In Soviet phraseology, a podkulachnik (подкулачник; also translated as "sub-kulak" or "kulak henchman"), feminine: podkulachnitsa, was a person who allegedly sided with kulaks in their opposition to the collectivization in the Soviet Union.

==History==
Podkulachnik is considered by many to be a Stalinist neologism from the late 1920s, however the term was already in use before World War I. After the Russian Revolution, the kulaks - relatively affluent and well-endowed peasants - were persecuted by the Soviet Government as class enemies.

Even poor peasants could have been labeled, i.e., the term was not of economic differentiation, but of a political one. Solzhenitsyn wrote that the term was applied arbitrarily:
In every village, there were people who in one way or another had gotten in the way of local activists. [Following the revolution, it] was the perfect time to settle accounts with them of jealousy, envy, insult. A new word was needed for these new victims as a class- and it was born. By this time it had no 'social' or 'economic' context whatsoever, but it had a marvelous sound: Podkulachnik - 'a person aiding the kulaks.' In other words, I consider you an accomplice of the enemy. And that finishes you. The most tattered laborer in the countryside could quite easily be labeled a podkulachnik.

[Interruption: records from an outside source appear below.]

Lemma ball_lin_min_unique g u (t : R) : 0 < enorm g -> 0 <= t ->
  dotv u u <= t ^+ 2 -> dotv g u <= - (t * enorm g) ->
  u = - ((t / enorm g) *: g).
Proof.
move=> g_gt0 t_ge0 uu_le gu_le; set q := t / enorm g.
have qg : q * enorm g = t by rewrite /q mulfVK // gt_eqF.
have q_ge0 : 0 <= q by rewrite divr_ge0 // ltW.
have qqgg : q * (q * dotv g g) = t ^+ 2 by rewrite -enorm_sqr -qg; ring.
have : q * dotv g u <= q * - (t * enorm g) by rewrite ler_wpM2l.
rewrite mulrN mulrCA qg => qgu_le.
apply/eqP; rewrite -subr_eq0 opprK -dotvv_le0.
rewrite !dotvDl !dotvDr !dotvZl !dotvZr (dotvC u g).
lra.
Qed.

Lemma linmin_ball_progress (X : set 'rV[R]_d) g xk xs z (t : R) :
  convex_set X -> X xs -> 0 <= t -> (enorm g = 0 -> t = 0) ->
  dotv g (xs - xk) <= - (t * enorm g) ->
  argmin (X `&` eball xk t) (dotv g) z ->
  t ^+ 2 <= dotv (z - xk) (xs - xk).
Proof.
move=> cX Xxs t_ge0 g0_t0 gv_le [[Xz /(eball_dotv _ _ t_ge0) zb] z_min].
move: t_ge0; rewrite le_eqVlt => /predU1P[t0|t_gt0].
  move: zb; rewrite -t0 expr0n /= dotvv_le0 subr_eq0 => /eqP->.
  by rewrite subrr dotv0l.
have g_gt0 : 0 < enorm g.
  by rewrite lt_neqAle enorm_ge0 andbT eq_sym; apply/eqP => /g0_t0 t0; rewrite t0 ltxx in t_gt0.
rewrite leNgt; apply/negP => uv_lt.
have [s /andP[s_gt0 s_le1] wb] := ball_step_toward zb uv_lt.
pose w := s *: xs + (1 - s) *: z.
have w_xk : w - xk = s *: (xs - xk) + (1 - s) *: (z - xk).
  by apply/rowP => i; rewrite !mxE; ring.
have Xw : X w.
  by have := cX xs z (Itv01 (ltW s_gt0) s_le1); rewrite !inE; apply.
have w_ball : eball xk t w by apply/(eball_dotv _ _ (ltW t_gt0)); rewrite w_xk.
have gz_le : dotv g z <= dotv g xs.
  by have := z_min w (conj Xw w_ball); rewrite dotvDr !dotvZr; nra.
have gu_le : dotv g (z - xk) <= - (t * enorm g) by move: gv_le; rewrite !dotvBr; lra.
move: uv_lt; rewrite (ball_lin_min_unique g_gt0 (ltW t_gt0) zb gu_le).
rewrite dotvC dotvNr dotvZr (dotvC (xs - xk)).
have qg : t / enorm g * enorm g = t by rewrite mulfVK ?gt_eqF.
have : t / enorm g * dotv g (xs - xk) <= t / enorm g * - (t * enorm g).
  by rewrite ler_wpM2l // divr_ge0 // ltW.
rewrite mulrN mulrCA qg; lra.
Qed.

End EuclideanGeometry.

Section PolyakBallStep.
Set Implicit Arguments. Unset Strict Implicit.
Variables (R : realType) (d : nat) (X : set 'rV[R]_d) (f : 'rV[R]_d -> R) (xs : 'rV[R]_d).
Hypotheses (cX : convex_set X) (cf : convex_fun f) (df : forall y, differentiable f y).
Hypothesis xs_min : argmin X f xs.

Lemma stepsize_ge0 x : X x -> 0 <= stepsize f xs x.
Proof.
move=> Xx; rewrite /stepsize; case: eqP => // _.
by rewrite divr_ge0 ?enorm_ge0 // subr_ge0 xs_min.2.
Qed.

Lemma stepsize_enorm_eq0 x : enorm (grad f x) = 0 -> stepsize f xs x = 0.
Proof. by move=> g0; rewrite /stepsize g0 invr0 mulr0 if_same. Qed.

Lemma stepsize_mul_enorm x : X x -> stepsize f xs x * enorm (grad f x) = f x - f xs.
Proof.
move=> Xx; rewrite /stepsize; case: eqP => [->|_]; first by rewrite mul0r subrr.
have [g0|g_neq0] := eqVneq (enorm (grad f x)) 0; last by rewrite mulfVK.
(* here the step size is the junk value [_ / 0 = 0]; the identity still holds
   because a vanishing gradient makes [x] a global minimizer of [f] *)
have g_eq0 : grad f x = 0 by apply/eqP; rewrite -dotvv_le0 -enorm_sqr g0 expr0n.
rewrite g0 mulr0; apply/eqP; rewrite eq_sym subr_eq0 eq_le xs_min.2 // andbT.
by have := convex_grad_ineq xs cf (df x); rewrite g_eq0 dotv0l addr0.
Qed.

Lemma grad_dotv_le_stepsize x : X x ->
  dotv (grad f x) (xs - x) <= - (stepsize f xs x * enorm (grad f x)).
Proof.
by move=> Xx; rewrite stepsize_mul_enorm //; have := convex_grad_ineq xs cf (df x); lra.
Qed.

Lemma stepsize_dist_decrease xk z : X xk ->
  argmin (X `&` eball xk (stepsize f xs xk)) (dotv (grad f xk)) z ->
  dotv (z - xs) (z - xs) <= dotv (xk - xs) (xk - xs) - stepsize f xs xk ^+ 2.
Proof.
move=> Xxk z_min; set t := stepsize f xs xk.
have t_ge0 : 0 <= t := stepsize_ge0 Xxk.
have progress : t ^+ 2 <= dotv (z - xk) (xs - xk).
  apply: linmin_ball_progress cX xs_min.1 t_ge0 _ (grad_dotv_le_stepsize Xxk) z_min.
  exact: stepsize_enorm_eq0.
have [_ /(eball_dotv _ _ t_ge0) zb] := z_min.1.
have -> : z - xs = (z - xk) - (xs - xk) by rewrite opprB addrA subrK.
rewrite dotvvB (dotvvBC xk); lra.
Qed.

Lemma gap_sqr_le_stepsize (G : R) x : X x -> enorm (grad f x) <= G ->
  (f x - f xs) ^+ 2 <= G ^+ 2 * stepsize f xs x ^+ 2.
Proof.
move=> Xx gG; rewrite -stepsize_mul_enorm // mulrC exprMn ler_wpM2r ?sqr_ge0 //.
by rewrite ler_pXn2r ?nnegrE ?enorm_ge0 // (le_trans (enorm_ge0 _) gG).
Qed.

End PolyakBallStep.

Theorem theorem4 (R : realType) (d : nat) (X : set 'rV[R]_d)
  (f : 'rV[R]_d -> R) (G : R) (xs : 'rV[R]_d) (x : nat -> 'rV[R]_d) :
  X !=set0 -> closed X -> convex_set X ->
  convex_fun f -> (forall y, differentiable f y) ->
  argmin X f !=set0 ->
  0 < G -> (forall y, X y -> enorm (grad f y) <= G) ->
  X (x 0%N) -> argmin X f xs ->
  (forall k, argmin (X `&` eball (x k) (stepsize f xs (x k)))
                    (fun z => dotv (grad f (x k)) z) (x k.+1)) ->
  forall K : nat, (1 <= K)%N ->
    (K%:R)^-1 * \sum_(k < K) (f (x k) - f xs) ^+ 2
      <= G ^+ 2 * enorm (x 0%N - xs) ^+ 2 / K%:R /\
    f ((K%:R)^-1 *: \sum_(k < K) x k) - f xs
      <= G * enorm (x 0%N - xs) / Num.sqrt (K%:R).
Proof.
(* closedness and the nonemptiness assumptions only make the iteration well
   defined; the bound does not use them *)
move=> _ _ cX cf df _ G_gt0 gradG Xx0 xs_min x_step K K_gt0.
have Xx k : X (x k) by elim: k => // k _; have [[]] := x_step k.
have sum_gap_sqr : \sum_(k < K) (f (x k) - f xs) ^+ 2 <= (G * enorm (x 0%N - xs)) ^+ 2.
  rewrite exprMn enorm_sqr.
  apply: (sumr_le_telescope (a := fun k => (f (x k) - f xs) ^+ 2)
                            (b := fun k => G ^+ 2 * dotv (x k - xs) (x k - xs))) => k.
    apply: le_trans (gap_sqr_le_stepsize cf df xs_min (Xx k) (gradG _ (Xx k))) _.
    rewrite -mulrBr ler_wpM2l ?sqr_ge0 //.
    by have := stepsize_dist_decrease cX cf df xs_min (Xx k) (x_step k); lra.
  by rewrite mulr_ge0 ?sqr_ge0 ?dotvv_ge0.
have K_pos : 0 < K%:R :> R by rewrite ltr0n.
split; first by rewrite -exprMn mulrC ler_wpM2r // invr_ge0 ltW.
apply: le_trans (lerD (convex_fun_mean x cf K_gt0) (lexx (- f xs))) _.
have -> : K%:R^-1 * \sum_(k < K) f (x k) - f xs = K%:R^-1 * \sum_(k < K) (f (x k) - f xs).
  by rewrite sumrB sumr_const card_ord mulrBr -[f xs *+ K]mulr_natl mulrA mulVf ?gt_eqF // mul1r.
by apply: mean_le_div_sqrt => //; rewrite mulr_ge0 ?enorm_ge0 ?ltW.
Qed.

Valery Vozgrin in his book The History of Crimean Tatars («История крымских татар») wrote basically the same: unlike the term "kulak", the term "podkulachnik" did not have any definite meaning. For example in 1931 the Presidium of Crimean Central Executive Committee could assign a poor peasant into the category of podkulachniks, is he was "a bearer of kulakist-opportunist sentiments". In another case, the whole population of the village of Mangush (now Prokhladnoye) was declared podkulachniks, because the village meeting issued a resolution that that in the village "there are no kulaks nor sedednyaks [moderately well-off peasants]" — all are equal". Vozgrin gives more examples of this kind.

==In other countries==
In Hungary under Mátyás Rákosi, a podkulachnik was called Kulákbérenc, meaning "kulak hireling".